Retype all of the data that follows, line for line.

---

From Stdlib Require Import Reals Lra Psatz FunctionalExtensionality.
From Coquelicot Require Import Coquelicot.
Open Scope R_scope.

(* The Hopf projection maps the Maxwell--Bloch flow to the reduced flow, and
   the reduced system has unique solutions: for two solutions the squared
   distance E satisfies E' <= K E, because the coupling a enters the Bloch
   equations as a rotation in the (u, w)-plane and depends on the field A only
   linearly. So the projection of the lift is the given T-periodic orbit:
   (A, B) and the Hopf image of C, in particular j = q v and I = w, are
   T-periodic, and C(t + T), C(t) lie in one Hopf fibre, i.e. one U(1)-orbit. *)

Lemma right_cont0_const (a : R) : right_cont0 (fun _ => a).
Proof. apply filterlim_const. Qed.

Lemma right_cont0_plus (f g : R -> R) :
  right_cont0 f -> right_cont0 g -> right_cont0 (fun t => f t + g t).
Proof.
  intros Hf Hg.
  apply (filterlim_comp_2 (F := at_right 0) f g Rplus Hf Hg).
  apply (filterlim_plus (K := R_AbsRing) (V := R_NormedModule)).
Qed.

Lemma right_cont0_mult (f g : R -> R) :
  right_cont0 f -> right_cont0 g -> right_cont0 (fun t => f t * g t).
Proof.
  intros Hf Hg.
  apply (filterlim_comp_2 (F := at_right 0) f g Rmult Hf Hg).
  apply (filterlim_mult (K := R_AbsRing)).
Qed.

Lemma right_cont0_minus (f g : R -> R) :
  right_cont0 f -> right_cont0 g -> right_cont0 (fun t => f t - g t).
Proof.
  intros Hf Hg.
  replace (fun t => f t - g t) with (fun t => f t + -1 * g t)
    by (apply functional_extensionality; intros; ring).
  apply right_cont0_plus; [exact Hf |].
  apply right_cont0_mult; [apply right_cont0_const | exact Hg].
Qed.

Lemma right_cont0_pow2 (f : R -> R) : right_cont0 f -> right_cont0 (fun t => f t ^ 2).
Proof.
  intros Hf.
  replace (fun t => f t ^ 2) with (fun t => f t * f t)
    by (apply functional_extensionality; intros; ring).
  apply right_cont0_mult; exact Hf.
Qed.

---

> [Answer for the task]
From Stdlib Require Import Reals Lra Psatz FunctionalExtensionality.
From Coquelicot Require Import Coquelicot.
Open Scope R_scope.

(* The Hopf projection maps the Maxwell--Bloch flow to the reduced flow, and
   the reduced system has unique solutions: for two solutions the squared
   distance E satisfies E' <= K E, because the coupling a enters the Bloch
   equations as a rotation in the (u, w)-plane and depends on the field A only
   linearly. So the projection of the lift is the given T-periodic orbit:
   (A, B) and the Hopf image of C, in particular j = q v and I = w, are
   T-periodic, and C(t + T), C(t) lie in one Hopf fibre, i.e. one U(1)-orbit. *)

Lemma right_cont0_const (a : R) : right_cont0 (fun _ => a).
Proof. apply filterlim_const. Qed.

Lemma right_cont0_plus (f g : R -> R) :
  right_cont0 f -> right_cont0 g -> right_cont0 (fun t => f t + g t).
Proof.
  intros Hf Hg.
  apply (filterlim_comp_2 (F := at_right 0) f g Rplus Hf Hg).
  apply (filterlim_plus (K := R_AbsRing) (V := R_NormedModule)).
Qed.

Lemma right_cont0_mult (f g : R -> R) :
  right_cont0 f -> right_cont0 g -> right_cont0 (fun t => f t * g t).
Proof.
  intros Hf Hg.
  apply (filterlim_comp_2 (F := at_right 0) f g Rmult Hf Hg).
  apply (filterlim_mult (K := R_AbsRing)).
Qed.

Lemma right_cont0_minus (f g : R -> R) :
  right_cont0 f -> right_cont0 g -> right_cont0 (fun t => f t - g t).
Proof.
  intros Hf Hg.
  replace (fun t => f t - g t) with (fun t => f t + -1 * g t)
    by (apply functional_extensionality; intros; ring).
  apply right_cont0_plus; [exact Hf |].
  apply right_cont0_mult; [apply right_cont0_const | exact Hg].
Qed.

Lemma right_cont0_pow2 (f : R -> R) : right_cont0 f -> right_cont0 (fun t => f t ^ 2).
Proof.
  intros Hf.
  replace (fun t => f t ^ 2) with (fun t => f t * f t)
    by (apply functional_extensionality; intros; ring).
  apply right_cont0_mult; exact Hf.
Qed.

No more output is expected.